__What you need to do__. Go through the listing below and count each line with the word "osnd" in it; return only the count.

__Provided data__.
*****
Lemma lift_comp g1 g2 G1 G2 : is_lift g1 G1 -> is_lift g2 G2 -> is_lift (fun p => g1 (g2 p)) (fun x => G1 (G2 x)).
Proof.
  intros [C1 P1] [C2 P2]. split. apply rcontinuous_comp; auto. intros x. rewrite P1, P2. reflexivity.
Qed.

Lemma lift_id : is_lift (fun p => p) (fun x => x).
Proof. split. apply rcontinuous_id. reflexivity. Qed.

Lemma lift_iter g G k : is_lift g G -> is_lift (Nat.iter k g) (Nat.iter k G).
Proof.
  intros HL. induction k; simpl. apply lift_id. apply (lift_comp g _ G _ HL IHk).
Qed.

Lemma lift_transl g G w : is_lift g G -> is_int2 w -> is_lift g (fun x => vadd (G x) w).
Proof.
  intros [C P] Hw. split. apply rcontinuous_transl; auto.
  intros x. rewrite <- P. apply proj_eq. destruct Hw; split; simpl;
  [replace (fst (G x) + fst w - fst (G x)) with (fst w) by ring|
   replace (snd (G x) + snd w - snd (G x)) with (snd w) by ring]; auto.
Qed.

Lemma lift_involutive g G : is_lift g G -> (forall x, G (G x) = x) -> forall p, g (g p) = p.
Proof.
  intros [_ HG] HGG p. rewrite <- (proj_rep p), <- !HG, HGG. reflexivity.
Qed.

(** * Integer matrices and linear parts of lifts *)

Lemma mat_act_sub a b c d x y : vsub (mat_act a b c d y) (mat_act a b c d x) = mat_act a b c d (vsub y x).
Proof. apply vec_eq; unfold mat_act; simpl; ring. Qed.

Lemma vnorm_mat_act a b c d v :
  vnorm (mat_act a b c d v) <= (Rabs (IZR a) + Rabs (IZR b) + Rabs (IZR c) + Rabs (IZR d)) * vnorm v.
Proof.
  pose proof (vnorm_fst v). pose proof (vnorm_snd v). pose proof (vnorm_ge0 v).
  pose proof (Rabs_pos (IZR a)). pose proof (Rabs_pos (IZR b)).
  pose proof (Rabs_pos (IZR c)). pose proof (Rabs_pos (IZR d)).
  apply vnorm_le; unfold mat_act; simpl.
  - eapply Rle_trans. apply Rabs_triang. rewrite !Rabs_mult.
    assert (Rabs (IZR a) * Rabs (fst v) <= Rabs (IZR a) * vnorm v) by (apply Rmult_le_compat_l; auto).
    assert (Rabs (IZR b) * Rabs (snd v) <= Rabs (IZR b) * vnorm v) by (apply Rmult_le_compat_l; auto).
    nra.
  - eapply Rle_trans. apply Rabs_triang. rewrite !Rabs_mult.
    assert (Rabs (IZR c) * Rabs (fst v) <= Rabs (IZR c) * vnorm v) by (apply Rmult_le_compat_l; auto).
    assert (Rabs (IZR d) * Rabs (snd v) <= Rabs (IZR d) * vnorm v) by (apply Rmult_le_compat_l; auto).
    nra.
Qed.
*****
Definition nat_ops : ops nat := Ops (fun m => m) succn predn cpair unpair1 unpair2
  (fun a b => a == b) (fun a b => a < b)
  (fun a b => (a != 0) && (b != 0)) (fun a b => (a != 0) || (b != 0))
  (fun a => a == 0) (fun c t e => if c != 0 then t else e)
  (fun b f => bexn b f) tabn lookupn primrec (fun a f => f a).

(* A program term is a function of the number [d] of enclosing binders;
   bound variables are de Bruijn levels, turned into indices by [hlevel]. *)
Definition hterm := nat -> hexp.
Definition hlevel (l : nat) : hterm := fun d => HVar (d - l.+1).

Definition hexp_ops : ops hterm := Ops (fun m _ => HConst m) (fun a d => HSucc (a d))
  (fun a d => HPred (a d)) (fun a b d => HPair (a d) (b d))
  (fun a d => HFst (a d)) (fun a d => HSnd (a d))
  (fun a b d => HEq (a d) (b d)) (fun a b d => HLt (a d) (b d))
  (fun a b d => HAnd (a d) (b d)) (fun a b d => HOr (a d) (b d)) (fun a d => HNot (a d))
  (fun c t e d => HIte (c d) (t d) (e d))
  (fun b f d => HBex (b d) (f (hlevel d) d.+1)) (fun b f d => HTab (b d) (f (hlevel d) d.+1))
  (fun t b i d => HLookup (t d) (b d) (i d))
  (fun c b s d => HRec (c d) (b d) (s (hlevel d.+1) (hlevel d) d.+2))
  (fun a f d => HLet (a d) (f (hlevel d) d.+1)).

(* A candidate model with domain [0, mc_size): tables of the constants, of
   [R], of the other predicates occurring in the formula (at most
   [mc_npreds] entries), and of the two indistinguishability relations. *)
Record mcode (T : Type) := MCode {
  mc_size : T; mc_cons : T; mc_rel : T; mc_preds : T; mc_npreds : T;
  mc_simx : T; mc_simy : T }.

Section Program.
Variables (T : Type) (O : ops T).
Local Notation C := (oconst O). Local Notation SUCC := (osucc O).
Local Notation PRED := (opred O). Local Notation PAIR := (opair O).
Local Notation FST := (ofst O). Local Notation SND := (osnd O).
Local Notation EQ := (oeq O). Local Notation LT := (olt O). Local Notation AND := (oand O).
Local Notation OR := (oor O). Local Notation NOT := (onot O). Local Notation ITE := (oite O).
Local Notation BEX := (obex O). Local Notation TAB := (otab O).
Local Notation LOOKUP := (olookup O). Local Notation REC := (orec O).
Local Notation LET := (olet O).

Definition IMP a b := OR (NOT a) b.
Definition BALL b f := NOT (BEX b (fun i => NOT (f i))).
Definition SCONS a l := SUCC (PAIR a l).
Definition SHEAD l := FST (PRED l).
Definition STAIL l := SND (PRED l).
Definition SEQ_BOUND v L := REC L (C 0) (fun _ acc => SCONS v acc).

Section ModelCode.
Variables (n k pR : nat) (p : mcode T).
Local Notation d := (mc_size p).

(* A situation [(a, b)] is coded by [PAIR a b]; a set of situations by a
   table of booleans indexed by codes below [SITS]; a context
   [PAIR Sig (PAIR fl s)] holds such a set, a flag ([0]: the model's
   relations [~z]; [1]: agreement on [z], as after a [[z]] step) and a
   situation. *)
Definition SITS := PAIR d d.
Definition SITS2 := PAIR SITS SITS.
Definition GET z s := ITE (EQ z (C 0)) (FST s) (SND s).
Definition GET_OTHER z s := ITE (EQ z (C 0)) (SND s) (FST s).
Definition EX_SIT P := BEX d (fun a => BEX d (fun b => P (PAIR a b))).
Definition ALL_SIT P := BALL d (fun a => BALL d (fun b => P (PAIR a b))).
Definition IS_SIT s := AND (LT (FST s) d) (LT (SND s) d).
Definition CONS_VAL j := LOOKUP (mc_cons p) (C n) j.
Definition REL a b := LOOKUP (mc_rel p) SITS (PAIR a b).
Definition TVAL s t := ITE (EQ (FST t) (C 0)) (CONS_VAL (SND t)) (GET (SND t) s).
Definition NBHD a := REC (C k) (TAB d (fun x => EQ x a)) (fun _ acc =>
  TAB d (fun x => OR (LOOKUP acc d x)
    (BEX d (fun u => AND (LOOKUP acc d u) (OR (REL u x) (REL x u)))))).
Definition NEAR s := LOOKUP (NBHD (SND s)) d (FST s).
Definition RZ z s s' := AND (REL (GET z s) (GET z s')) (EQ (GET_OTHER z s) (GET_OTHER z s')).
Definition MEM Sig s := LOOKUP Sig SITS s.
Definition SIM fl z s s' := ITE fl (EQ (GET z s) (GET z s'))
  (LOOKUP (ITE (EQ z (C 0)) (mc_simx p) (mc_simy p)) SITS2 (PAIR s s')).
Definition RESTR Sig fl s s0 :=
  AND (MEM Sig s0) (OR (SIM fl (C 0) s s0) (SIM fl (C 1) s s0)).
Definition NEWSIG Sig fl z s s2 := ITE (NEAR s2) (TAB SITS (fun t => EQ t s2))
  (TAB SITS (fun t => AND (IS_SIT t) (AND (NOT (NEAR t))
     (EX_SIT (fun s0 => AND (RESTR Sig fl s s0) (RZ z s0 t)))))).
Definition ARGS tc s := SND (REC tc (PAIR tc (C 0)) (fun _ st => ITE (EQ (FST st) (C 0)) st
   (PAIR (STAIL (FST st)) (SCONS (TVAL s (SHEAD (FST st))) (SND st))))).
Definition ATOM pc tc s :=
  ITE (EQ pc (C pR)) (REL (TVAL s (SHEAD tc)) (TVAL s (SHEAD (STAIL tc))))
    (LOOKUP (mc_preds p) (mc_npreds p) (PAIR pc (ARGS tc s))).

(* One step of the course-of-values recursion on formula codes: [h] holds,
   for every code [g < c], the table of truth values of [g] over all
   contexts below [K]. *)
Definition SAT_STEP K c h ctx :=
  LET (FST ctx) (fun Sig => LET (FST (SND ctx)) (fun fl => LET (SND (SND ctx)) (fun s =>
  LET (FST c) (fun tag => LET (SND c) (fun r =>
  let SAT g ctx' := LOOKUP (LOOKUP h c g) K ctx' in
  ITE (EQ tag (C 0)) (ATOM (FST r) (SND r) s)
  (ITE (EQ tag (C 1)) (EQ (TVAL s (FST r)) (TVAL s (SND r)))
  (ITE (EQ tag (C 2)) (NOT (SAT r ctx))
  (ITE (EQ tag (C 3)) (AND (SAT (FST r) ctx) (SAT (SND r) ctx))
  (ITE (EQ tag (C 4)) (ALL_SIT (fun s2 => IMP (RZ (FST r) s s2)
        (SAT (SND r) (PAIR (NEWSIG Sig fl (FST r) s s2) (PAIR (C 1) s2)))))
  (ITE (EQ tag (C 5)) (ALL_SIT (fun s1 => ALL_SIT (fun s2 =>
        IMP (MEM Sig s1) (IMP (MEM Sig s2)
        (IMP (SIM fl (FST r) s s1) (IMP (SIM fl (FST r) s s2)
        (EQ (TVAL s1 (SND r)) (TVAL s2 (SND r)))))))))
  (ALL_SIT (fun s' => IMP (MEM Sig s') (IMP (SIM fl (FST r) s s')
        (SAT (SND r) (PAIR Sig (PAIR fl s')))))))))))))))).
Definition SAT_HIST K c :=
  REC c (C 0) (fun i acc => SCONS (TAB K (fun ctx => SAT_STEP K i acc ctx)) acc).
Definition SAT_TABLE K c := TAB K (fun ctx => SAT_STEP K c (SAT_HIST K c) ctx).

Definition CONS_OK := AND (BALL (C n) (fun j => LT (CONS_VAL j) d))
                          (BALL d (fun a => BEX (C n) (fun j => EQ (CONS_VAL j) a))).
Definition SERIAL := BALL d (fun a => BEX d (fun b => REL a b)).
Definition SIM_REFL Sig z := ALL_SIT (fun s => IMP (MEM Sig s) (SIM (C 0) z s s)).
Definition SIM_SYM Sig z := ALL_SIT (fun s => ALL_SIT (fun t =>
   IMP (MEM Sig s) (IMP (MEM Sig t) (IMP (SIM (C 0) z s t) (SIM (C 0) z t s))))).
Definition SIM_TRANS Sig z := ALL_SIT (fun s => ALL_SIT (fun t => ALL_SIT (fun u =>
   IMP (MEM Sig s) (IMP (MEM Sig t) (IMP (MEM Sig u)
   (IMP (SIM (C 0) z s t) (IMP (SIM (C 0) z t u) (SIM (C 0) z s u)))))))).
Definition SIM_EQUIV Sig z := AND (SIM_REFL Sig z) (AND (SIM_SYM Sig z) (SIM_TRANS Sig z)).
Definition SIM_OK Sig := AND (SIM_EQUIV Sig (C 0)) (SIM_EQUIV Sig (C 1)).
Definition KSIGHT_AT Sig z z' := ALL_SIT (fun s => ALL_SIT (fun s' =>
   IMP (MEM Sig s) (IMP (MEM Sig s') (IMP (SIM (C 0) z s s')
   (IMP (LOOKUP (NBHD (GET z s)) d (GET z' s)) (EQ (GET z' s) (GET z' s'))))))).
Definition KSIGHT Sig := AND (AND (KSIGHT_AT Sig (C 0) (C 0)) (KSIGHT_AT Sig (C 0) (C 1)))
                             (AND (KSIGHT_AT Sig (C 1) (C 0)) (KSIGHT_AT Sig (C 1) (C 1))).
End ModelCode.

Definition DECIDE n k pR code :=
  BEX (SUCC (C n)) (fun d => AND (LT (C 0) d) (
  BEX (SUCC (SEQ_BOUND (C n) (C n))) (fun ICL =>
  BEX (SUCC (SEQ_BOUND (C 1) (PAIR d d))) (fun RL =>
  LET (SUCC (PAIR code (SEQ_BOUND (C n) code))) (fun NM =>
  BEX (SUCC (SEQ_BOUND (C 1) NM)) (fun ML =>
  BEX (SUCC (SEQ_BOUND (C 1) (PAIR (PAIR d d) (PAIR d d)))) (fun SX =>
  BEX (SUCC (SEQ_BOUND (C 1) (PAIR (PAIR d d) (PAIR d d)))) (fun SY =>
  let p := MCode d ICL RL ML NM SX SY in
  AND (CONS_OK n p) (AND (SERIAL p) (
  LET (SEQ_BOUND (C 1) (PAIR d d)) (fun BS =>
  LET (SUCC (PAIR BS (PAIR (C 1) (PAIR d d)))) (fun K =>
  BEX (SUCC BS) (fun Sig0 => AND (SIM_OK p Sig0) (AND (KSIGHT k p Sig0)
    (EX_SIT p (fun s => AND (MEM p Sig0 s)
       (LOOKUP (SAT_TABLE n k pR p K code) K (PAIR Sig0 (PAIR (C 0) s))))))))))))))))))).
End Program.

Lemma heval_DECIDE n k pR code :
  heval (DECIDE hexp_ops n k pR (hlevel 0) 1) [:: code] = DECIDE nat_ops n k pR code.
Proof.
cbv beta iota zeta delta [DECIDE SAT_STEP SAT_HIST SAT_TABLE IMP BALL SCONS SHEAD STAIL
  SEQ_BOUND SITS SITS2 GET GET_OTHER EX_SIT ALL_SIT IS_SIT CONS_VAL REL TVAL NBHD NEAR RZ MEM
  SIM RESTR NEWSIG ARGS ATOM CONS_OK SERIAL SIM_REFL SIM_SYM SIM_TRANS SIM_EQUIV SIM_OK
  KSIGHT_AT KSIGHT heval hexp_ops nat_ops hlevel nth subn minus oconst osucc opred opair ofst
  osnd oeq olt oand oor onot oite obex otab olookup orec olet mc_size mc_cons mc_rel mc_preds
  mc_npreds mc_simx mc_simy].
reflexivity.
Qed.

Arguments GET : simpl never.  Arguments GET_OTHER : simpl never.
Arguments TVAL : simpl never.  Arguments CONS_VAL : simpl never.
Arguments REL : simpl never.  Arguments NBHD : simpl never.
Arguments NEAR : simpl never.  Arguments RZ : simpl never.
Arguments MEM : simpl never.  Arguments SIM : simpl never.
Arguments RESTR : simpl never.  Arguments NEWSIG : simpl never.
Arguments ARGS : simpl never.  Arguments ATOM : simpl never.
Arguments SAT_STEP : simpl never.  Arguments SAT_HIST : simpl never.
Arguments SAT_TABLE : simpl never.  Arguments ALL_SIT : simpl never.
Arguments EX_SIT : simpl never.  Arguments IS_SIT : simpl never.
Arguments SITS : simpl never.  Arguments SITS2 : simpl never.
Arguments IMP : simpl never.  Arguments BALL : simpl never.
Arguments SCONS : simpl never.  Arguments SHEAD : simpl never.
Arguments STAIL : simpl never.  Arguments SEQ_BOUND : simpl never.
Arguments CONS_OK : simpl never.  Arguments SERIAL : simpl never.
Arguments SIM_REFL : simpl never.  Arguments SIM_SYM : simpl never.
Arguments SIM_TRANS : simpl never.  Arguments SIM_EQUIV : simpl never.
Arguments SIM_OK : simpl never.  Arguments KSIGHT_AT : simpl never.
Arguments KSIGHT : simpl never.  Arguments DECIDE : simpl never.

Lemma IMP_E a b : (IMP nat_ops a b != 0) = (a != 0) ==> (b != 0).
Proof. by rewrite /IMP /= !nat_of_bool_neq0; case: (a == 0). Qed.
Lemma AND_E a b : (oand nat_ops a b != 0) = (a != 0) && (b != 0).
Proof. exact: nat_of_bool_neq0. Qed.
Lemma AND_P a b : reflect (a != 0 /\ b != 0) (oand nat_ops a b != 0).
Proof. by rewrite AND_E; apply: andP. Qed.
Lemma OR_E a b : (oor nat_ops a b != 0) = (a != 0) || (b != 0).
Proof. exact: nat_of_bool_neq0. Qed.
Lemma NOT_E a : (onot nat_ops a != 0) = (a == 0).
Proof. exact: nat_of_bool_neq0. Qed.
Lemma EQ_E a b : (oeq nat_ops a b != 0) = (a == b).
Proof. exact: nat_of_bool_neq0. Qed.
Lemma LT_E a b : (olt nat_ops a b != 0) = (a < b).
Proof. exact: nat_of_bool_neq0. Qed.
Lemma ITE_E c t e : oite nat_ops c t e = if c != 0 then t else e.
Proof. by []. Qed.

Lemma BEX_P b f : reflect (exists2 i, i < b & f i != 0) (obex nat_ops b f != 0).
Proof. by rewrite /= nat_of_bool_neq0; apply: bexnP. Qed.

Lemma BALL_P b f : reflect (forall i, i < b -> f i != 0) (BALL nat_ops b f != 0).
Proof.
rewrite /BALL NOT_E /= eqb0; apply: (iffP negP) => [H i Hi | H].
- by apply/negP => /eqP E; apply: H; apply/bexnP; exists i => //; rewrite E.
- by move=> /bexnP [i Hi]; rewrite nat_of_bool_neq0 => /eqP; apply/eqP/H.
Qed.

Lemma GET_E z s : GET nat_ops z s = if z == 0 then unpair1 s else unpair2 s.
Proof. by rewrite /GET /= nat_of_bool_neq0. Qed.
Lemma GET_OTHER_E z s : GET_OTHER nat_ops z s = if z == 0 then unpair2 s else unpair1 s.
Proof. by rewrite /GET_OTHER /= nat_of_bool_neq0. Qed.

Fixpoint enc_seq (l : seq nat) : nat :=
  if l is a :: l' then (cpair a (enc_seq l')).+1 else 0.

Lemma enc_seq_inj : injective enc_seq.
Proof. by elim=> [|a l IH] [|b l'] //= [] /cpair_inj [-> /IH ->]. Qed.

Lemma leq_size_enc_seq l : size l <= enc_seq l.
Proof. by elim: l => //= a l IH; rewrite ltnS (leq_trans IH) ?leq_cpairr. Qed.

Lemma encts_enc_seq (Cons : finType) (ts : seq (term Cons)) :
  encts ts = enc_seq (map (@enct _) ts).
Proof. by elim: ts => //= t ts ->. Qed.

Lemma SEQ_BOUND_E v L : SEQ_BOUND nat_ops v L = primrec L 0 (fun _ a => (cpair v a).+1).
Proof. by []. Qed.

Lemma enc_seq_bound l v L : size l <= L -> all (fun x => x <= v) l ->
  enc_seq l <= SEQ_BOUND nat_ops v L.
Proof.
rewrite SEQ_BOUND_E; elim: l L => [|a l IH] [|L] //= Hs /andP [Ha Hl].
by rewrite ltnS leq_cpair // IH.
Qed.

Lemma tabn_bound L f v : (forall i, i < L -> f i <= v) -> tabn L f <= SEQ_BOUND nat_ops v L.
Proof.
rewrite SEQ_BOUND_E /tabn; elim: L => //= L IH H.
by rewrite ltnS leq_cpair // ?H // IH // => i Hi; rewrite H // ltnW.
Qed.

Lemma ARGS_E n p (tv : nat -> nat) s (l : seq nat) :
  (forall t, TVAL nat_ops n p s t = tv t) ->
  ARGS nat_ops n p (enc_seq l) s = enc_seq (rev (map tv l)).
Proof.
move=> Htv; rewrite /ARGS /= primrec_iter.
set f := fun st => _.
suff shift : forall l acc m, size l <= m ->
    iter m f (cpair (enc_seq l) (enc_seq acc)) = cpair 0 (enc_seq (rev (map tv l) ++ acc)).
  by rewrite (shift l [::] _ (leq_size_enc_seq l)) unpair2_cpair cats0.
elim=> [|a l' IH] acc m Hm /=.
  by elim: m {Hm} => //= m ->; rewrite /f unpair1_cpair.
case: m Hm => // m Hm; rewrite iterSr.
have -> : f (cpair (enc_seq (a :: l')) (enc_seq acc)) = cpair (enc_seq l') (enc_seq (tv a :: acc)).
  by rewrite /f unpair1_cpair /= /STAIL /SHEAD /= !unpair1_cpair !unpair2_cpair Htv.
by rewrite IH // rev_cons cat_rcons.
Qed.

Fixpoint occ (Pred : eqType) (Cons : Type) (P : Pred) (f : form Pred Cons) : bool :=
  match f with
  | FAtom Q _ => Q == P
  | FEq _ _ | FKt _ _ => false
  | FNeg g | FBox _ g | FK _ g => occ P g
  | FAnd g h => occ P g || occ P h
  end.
*****
__Task output__. 2